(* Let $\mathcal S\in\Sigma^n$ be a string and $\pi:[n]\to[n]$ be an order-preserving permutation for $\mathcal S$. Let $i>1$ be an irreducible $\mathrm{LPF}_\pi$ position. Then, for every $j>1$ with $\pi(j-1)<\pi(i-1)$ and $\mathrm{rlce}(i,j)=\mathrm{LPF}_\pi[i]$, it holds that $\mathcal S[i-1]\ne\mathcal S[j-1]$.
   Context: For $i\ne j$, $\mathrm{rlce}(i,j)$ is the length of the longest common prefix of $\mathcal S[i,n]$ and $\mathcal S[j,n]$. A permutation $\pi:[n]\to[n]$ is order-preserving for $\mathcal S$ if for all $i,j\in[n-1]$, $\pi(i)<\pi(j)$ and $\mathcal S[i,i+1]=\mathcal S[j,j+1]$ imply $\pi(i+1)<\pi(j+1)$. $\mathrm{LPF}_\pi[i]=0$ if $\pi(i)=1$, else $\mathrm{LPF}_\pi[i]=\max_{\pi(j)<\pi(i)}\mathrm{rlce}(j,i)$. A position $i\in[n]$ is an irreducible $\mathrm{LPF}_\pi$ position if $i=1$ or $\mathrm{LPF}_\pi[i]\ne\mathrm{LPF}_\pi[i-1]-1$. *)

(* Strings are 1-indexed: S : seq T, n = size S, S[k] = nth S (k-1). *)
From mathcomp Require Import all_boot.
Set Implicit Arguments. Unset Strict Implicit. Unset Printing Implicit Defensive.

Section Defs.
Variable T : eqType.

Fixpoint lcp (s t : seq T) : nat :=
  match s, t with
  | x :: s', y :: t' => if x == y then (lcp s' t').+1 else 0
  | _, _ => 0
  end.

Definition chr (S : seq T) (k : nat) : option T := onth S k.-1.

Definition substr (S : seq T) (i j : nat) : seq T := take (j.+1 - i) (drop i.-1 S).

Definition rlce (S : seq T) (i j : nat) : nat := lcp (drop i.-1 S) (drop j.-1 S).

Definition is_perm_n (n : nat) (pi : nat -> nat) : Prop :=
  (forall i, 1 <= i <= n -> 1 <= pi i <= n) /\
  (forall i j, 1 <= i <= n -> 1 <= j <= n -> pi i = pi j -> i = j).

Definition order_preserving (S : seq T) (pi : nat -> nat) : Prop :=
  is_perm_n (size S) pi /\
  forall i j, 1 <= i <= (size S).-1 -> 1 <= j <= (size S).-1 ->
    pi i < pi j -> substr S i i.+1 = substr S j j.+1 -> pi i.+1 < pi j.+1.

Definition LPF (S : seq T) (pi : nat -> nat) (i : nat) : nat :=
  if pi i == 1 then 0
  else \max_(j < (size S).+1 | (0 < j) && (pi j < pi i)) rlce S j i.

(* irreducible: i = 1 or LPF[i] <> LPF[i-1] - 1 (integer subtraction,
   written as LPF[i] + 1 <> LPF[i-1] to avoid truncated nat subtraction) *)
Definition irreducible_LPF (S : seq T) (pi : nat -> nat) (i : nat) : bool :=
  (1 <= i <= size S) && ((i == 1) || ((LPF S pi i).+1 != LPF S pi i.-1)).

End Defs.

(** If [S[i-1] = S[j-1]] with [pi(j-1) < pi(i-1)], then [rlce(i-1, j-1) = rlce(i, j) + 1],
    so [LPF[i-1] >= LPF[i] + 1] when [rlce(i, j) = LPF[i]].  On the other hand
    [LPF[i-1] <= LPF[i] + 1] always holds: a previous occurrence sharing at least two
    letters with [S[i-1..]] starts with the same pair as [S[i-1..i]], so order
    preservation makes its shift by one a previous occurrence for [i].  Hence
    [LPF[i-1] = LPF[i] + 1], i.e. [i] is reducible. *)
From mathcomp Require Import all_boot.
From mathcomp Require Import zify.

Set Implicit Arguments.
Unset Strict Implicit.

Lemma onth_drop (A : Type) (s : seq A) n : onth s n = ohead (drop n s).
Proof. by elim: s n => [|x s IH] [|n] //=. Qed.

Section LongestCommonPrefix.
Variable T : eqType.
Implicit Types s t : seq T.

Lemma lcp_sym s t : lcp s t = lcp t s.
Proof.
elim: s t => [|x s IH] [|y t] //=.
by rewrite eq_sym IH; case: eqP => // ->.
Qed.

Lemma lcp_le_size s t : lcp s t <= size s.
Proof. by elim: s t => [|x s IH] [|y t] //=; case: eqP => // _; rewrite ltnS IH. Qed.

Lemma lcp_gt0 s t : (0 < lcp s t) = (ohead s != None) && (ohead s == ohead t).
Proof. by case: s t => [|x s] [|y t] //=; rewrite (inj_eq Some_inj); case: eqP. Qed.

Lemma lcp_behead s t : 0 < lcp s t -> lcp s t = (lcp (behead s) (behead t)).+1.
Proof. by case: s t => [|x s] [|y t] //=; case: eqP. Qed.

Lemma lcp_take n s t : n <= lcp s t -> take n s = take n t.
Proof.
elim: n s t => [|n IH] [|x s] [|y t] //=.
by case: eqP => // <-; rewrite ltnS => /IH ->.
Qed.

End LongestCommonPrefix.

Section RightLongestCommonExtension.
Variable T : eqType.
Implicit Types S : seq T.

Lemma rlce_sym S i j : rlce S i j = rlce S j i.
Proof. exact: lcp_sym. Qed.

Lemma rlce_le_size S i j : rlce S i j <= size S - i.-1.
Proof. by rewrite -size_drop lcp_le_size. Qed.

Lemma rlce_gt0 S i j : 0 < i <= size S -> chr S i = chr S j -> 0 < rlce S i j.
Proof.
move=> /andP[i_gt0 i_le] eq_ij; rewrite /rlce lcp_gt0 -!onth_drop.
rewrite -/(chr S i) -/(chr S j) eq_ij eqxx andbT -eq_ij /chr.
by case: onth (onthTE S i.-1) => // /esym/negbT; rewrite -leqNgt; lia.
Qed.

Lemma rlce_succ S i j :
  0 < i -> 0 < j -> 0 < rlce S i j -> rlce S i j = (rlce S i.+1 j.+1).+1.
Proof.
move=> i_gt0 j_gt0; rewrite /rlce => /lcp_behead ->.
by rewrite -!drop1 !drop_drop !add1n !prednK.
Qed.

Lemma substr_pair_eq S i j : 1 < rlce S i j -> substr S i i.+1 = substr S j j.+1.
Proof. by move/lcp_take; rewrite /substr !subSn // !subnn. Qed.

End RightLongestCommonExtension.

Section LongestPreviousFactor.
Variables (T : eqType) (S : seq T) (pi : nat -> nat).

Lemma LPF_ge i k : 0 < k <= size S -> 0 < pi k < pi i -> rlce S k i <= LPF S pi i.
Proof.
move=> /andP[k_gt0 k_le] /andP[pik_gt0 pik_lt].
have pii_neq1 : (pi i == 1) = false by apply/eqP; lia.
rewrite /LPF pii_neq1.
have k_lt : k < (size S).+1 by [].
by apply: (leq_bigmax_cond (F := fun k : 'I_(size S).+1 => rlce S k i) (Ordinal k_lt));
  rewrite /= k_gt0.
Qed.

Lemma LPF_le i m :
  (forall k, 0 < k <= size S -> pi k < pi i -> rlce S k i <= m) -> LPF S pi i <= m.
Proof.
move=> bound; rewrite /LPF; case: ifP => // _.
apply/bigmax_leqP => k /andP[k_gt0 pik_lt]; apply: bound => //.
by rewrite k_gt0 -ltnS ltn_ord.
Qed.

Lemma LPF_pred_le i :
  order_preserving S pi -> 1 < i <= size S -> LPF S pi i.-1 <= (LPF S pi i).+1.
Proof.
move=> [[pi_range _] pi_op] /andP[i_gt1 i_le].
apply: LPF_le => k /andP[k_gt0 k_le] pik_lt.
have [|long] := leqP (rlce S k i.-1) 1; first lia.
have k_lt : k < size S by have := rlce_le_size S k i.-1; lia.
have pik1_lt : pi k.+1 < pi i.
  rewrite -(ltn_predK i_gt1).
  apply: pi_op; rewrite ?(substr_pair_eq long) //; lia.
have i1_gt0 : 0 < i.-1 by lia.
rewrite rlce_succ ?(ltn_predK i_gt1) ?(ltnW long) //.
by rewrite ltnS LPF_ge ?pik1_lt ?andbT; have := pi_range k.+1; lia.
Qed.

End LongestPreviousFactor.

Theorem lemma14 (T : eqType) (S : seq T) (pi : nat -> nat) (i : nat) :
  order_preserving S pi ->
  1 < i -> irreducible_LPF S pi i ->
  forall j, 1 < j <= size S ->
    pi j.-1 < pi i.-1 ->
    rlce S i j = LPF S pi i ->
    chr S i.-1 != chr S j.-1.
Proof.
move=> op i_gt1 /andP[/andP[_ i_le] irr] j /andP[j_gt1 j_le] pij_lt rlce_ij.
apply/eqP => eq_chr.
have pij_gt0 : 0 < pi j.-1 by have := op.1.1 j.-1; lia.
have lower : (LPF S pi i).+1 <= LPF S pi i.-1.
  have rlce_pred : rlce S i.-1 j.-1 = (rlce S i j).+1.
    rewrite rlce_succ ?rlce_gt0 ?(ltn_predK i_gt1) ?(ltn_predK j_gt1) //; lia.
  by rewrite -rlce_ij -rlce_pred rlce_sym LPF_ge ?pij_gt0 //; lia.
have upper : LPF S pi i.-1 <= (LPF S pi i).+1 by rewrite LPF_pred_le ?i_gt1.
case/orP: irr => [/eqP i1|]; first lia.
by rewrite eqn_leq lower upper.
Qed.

──────

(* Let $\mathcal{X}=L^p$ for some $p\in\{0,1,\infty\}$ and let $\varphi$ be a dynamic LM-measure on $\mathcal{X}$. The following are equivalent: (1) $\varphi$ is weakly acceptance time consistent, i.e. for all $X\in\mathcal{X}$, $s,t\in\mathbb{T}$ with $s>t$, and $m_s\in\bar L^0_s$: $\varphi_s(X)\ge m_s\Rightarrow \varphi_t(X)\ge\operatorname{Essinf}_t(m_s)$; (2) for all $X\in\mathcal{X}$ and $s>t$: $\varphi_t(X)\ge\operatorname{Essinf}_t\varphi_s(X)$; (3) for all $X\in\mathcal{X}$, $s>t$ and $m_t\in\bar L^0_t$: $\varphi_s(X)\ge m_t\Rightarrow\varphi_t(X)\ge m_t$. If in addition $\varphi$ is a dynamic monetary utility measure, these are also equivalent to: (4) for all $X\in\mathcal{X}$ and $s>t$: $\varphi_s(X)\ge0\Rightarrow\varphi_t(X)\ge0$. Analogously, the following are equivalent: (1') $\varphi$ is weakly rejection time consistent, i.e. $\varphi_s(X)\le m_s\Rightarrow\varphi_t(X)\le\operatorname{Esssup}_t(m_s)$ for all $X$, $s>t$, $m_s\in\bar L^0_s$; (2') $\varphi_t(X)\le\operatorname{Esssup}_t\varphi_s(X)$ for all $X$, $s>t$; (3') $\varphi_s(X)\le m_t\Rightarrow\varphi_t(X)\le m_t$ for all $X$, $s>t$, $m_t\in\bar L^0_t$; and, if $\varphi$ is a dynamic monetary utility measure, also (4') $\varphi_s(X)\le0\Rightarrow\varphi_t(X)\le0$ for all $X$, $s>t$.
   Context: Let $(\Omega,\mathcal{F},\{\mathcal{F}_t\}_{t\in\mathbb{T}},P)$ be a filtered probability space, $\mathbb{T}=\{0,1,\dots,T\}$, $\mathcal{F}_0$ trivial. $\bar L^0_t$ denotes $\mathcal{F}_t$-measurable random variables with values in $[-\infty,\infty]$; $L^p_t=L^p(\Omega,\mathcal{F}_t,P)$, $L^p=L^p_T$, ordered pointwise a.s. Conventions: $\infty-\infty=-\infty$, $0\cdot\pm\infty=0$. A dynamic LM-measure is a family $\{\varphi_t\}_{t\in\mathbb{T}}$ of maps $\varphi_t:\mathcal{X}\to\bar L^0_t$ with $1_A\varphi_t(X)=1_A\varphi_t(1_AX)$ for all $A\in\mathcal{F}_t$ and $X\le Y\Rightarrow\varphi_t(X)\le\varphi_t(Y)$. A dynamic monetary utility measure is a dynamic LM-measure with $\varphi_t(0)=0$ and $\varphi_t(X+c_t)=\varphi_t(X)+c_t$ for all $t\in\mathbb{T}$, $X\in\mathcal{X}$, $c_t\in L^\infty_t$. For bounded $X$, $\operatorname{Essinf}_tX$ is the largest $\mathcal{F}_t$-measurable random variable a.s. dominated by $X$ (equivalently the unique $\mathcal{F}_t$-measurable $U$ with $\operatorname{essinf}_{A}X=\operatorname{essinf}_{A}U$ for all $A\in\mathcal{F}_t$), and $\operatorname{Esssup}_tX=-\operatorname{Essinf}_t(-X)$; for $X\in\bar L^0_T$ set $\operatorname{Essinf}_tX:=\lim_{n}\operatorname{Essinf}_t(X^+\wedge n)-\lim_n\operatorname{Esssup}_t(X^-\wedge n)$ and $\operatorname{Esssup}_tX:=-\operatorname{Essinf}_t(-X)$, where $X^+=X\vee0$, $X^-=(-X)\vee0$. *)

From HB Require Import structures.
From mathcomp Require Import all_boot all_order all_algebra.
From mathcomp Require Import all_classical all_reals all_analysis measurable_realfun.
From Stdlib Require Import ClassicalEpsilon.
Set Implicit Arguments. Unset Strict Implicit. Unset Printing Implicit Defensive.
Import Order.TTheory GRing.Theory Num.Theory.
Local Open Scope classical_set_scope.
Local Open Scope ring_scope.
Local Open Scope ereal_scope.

──────

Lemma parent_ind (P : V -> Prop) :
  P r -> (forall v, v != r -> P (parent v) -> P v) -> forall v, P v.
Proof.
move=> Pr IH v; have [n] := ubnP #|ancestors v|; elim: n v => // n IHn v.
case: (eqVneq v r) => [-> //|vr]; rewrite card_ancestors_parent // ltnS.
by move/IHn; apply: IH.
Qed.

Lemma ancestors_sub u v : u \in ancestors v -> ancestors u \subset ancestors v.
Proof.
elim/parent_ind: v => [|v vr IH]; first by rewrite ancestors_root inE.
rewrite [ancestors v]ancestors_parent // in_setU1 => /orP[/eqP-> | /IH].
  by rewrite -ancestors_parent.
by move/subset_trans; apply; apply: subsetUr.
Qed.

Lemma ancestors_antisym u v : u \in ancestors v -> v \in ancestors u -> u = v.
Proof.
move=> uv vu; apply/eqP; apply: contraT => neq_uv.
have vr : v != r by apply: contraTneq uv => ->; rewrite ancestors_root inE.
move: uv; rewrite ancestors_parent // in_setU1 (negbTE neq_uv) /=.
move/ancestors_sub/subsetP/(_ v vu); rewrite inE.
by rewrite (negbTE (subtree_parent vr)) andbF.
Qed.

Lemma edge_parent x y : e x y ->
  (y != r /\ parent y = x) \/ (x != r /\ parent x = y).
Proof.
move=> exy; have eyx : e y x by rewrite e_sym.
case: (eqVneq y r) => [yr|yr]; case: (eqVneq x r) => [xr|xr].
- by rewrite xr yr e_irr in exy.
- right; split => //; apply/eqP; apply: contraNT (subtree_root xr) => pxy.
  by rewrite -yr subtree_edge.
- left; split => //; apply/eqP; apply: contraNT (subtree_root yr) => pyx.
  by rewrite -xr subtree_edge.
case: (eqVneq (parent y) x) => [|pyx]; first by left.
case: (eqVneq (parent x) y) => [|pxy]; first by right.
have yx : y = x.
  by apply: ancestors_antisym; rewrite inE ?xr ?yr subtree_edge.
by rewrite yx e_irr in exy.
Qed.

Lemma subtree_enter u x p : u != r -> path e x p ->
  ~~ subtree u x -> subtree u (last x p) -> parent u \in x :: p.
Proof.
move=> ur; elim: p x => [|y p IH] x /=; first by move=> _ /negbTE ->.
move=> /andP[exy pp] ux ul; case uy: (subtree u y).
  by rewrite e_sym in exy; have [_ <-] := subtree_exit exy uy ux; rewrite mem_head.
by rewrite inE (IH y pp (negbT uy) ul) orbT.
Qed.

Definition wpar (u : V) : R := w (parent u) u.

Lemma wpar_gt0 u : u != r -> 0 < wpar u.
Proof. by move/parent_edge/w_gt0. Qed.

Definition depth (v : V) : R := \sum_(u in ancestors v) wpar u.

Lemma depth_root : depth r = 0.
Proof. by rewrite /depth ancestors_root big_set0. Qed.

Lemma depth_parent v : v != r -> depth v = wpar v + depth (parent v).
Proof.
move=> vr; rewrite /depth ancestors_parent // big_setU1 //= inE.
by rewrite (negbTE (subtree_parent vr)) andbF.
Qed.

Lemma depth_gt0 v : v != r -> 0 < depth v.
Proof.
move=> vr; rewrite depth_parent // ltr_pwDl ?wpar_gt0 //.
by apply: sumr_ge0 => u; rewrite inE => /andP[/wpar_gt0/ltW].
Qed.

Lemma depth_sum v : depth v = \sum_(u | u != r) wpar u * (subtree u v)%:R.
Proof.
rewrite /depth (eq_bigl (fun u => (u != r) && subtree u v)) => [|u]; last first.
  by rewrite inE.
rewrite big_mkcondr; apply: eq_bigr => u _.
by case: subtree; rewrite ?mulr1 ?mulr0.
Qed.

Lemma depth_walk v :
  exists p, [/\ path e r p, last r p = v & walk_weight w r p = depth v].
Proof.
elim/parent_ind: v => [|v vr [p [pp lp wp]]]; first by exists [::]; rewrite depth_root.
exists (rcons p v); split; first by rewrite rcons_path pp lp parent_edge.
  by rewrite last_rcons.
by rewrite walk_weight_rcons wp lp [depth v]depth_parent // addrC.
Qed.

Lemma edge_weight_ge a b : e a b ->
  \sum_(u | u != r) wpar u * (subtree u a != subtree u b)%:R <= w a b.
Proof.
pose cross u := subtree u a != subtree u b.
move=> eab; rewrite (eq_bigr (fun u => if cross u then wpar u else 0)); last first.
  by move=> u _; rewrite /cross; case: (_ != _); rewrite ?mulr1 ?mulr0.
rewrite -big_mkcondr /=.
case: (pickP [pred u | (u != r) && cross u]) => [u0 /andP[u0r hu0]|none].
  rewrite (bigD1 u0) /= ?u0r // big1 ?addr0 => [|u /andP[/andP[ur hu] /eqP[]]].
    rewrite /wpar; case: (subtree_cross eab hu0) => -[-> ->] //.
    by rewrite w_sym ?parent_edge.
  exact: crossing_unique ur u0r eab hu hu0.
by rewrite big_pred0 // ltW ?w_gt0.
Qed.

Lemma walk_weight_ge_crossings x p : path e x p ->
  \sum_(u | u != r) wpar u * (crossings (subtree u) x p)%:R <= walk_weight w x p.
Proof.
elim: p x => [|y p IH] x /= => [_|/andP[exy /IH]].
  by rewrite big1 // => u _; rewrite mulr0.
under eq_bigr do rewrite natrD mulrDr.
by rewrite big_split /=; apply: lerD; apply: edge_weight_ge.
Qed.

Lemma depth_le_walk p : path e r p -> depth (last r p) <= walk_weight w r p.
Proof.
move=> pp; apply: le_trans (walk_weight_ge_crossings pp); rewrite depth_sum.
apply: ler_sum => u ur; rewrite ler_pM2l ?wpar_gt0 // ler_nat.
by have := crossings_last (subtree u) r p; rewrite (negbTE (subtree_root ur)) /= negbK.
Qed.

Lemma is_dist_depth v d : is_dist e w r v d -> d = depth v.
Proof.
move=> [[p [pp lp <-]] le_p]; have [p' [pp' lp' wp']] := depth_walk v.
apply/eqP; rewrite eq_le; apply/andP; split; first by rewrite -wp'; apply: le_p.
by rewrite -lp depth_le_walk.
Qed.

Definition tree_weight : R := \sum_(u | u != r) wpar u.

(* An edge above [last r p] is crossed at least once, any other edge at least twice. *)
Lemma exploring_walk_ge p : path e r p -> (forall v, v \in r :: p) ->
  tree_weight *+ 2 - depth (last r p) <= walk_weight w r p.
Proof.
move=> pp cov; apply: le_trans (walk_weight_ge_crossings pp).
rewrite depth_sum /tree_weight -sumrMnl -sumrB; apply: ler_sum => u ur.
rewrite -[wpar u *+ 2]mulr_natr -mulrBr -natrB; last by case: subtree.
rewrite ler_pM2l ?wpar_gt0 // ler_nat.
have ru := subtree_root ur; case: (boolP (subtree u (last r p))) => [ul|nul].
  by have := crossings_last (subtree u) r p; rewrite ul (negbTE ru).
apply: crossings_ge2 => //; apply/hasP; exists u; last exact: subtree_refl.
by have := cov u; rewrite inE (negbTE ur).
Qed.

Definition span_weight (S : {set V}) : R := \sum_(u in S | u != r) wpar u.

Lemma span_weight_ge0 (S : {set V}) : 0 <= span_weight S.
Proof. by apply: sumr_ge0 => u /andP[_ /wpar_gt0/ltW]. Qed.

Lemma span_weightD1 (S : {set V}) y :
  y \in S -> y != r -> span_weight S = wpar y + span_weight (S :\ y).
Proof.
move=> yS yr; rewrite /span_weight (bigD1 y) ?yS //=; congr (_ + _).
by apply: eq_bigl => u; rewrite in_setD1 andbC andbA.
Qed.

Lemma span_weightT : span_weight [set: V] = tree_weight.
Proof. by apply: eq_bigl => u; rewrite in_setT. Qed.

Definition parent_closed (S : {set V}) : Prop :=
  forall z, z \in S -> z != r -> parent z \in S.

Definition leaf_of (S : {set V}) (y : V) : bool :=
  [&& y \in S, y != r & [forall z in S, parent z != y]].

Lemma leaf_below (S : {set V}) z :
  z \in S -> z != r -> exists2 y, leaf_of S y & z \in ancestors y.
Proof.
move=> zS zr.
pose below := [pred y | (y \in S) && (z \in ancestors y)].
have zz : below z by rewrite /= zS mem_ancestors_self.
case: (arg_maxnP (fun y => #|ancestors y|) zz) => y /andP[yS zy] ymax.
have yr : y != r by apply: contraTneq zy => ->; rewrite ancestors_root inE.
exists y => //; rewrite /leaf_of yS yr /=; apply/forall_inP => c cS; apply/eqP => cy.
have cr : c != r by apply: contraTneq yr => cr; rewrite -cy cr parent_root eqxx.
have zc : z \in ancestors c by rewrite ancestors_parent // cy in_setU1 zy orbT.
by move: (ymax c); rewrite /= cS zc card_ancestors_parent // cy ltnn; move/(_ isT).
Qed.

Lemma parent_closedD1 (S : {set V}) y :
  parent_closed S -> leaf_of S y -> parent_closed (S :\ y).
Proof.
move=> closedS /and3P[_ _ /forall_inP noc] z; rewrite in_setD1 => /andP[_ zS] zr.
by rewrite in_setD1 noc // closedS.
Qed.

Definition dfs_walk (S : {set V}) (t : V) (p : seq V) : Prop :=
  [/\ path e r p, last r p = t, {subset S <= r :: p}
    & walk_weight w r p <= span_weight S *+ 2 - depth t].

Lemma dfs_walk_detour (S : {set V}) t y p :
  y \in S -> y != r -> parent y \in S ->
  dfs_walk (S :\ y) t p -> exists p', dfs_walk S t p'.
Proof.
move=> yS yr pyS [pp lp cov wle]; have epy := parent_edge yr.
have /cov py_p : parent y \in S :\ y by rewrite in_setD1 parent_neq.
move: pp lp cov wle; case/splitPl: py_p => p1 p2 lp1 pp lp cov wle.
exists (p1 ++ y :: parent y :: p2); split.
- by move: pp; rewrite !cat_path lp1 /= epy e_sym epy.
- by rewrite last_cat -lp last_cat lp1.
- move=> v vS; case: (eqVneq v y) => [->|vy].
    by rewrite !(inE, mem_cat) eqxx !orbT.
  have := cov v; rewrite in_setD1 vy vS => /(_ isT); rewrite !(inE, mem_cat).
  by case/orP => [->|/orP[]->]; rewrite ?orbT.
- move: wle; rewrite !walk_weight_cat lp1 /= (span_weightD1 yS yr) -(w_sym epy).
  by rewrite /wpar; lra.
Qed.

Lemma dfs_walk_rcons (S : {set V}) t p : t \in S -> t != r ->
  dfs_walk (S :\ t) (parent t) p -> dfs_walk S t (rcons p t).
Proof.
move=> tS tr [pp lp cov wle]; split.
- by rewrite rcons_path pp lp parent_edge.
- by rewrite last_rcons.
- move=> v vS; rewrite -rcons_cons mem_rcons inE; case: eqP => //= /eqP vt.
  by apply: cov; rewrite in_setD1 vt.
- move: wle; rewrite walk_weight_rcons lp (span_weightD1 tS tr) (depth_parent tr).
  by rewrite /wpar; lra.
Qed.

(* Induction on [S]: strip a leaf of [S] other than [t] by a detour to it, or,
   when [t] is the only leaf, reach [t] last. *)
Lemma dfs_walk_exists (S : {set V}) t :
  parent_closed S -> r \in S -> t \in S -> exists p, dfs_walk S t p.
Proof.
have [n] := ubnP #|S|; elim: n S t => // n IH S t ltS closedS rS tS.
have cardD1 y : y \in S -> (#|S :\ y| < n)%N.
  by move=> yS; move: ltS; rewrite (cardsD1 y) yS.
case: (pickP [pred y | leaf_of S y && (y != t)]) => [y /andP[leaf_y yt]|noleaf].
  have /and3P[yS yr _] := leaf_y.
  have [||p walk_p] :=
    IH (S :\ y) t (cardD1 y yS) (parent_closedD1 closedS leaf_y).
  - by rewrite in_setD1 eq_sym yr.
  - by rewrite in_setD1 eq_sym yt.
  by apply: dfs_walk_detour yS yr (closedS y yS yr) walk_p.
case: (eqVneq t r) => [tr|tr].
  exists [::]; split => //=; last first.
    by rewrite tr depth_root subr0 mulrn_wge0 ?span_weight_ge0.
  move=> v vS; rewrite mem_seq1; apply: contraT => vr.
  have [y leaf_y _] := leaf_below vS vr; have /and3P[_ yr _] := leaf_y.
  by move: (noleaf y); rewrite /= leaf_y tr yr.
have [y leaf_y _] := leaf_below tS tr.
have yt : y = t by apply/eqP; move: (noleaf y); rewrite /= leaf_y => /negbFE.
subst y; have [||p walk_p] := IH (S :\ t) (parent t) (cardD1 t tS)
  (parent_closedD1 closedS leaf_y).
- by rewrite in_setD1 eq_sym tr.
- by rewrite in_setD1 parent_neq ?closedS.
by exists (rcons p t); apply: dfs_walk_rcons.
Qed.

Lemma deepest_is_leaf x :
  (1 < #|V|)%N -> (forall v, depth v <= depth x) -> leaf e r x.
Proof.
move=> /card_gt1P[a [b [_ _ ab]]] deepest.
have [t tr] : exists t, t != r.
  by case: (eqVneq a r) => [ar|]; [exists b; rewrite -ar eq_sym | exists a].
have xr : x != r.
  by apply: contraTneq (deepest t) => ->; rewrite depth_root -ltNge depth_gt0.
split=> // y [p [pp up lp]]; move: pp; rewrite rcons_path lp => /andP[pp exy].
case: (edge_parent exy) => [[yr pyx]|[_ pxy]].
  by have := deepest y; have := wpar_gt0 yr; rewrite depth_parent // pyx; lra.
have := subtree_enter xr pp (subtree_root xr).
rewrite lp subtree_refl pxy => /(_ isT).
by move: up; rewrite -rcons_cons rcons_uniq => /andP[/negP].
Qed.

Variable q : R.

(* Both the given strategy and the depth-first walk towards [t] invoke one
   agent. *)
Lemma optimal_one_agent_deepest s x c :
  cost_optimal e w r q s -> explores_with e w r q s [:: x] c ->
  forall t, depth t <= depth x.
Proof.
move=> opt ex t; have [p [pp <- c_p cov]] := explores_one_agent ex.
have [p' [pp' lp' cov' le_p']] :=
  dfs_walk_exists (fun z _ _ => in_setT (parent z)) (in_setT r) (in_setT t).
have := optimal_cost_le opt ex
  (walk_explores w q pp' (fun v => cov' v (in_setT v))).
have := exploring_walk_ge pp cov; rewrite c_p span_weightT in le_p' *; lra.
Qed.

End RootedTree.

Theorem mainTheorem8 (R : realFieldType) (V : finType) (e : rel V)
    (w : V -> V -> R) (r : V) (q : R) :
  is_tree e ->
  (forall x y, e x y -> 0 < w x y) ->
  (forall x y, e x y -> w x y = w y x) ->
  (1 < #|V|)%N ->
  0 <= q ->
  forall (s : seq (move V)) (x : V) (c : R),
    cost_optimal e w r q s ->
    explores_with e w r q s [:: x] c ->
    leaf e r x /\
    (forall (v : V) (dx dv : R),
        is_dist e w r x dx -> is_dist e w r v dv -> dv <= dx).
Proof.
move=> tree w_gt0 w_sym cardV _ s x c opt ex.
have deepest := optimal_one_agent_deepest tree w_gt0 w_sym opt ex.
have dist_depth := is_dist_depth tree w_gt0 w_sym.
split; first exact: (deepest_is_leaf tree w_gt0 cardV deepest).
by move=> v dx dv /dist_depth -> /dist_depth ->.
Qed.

──────

Task prompt: With "pose" as the string to match, show every line of the entries above that has it.

Solution for this problem:
pose cross u := subtree u a != subtree u b.
pose below := [pred y | (y \in S) && (z \in ancestors y)].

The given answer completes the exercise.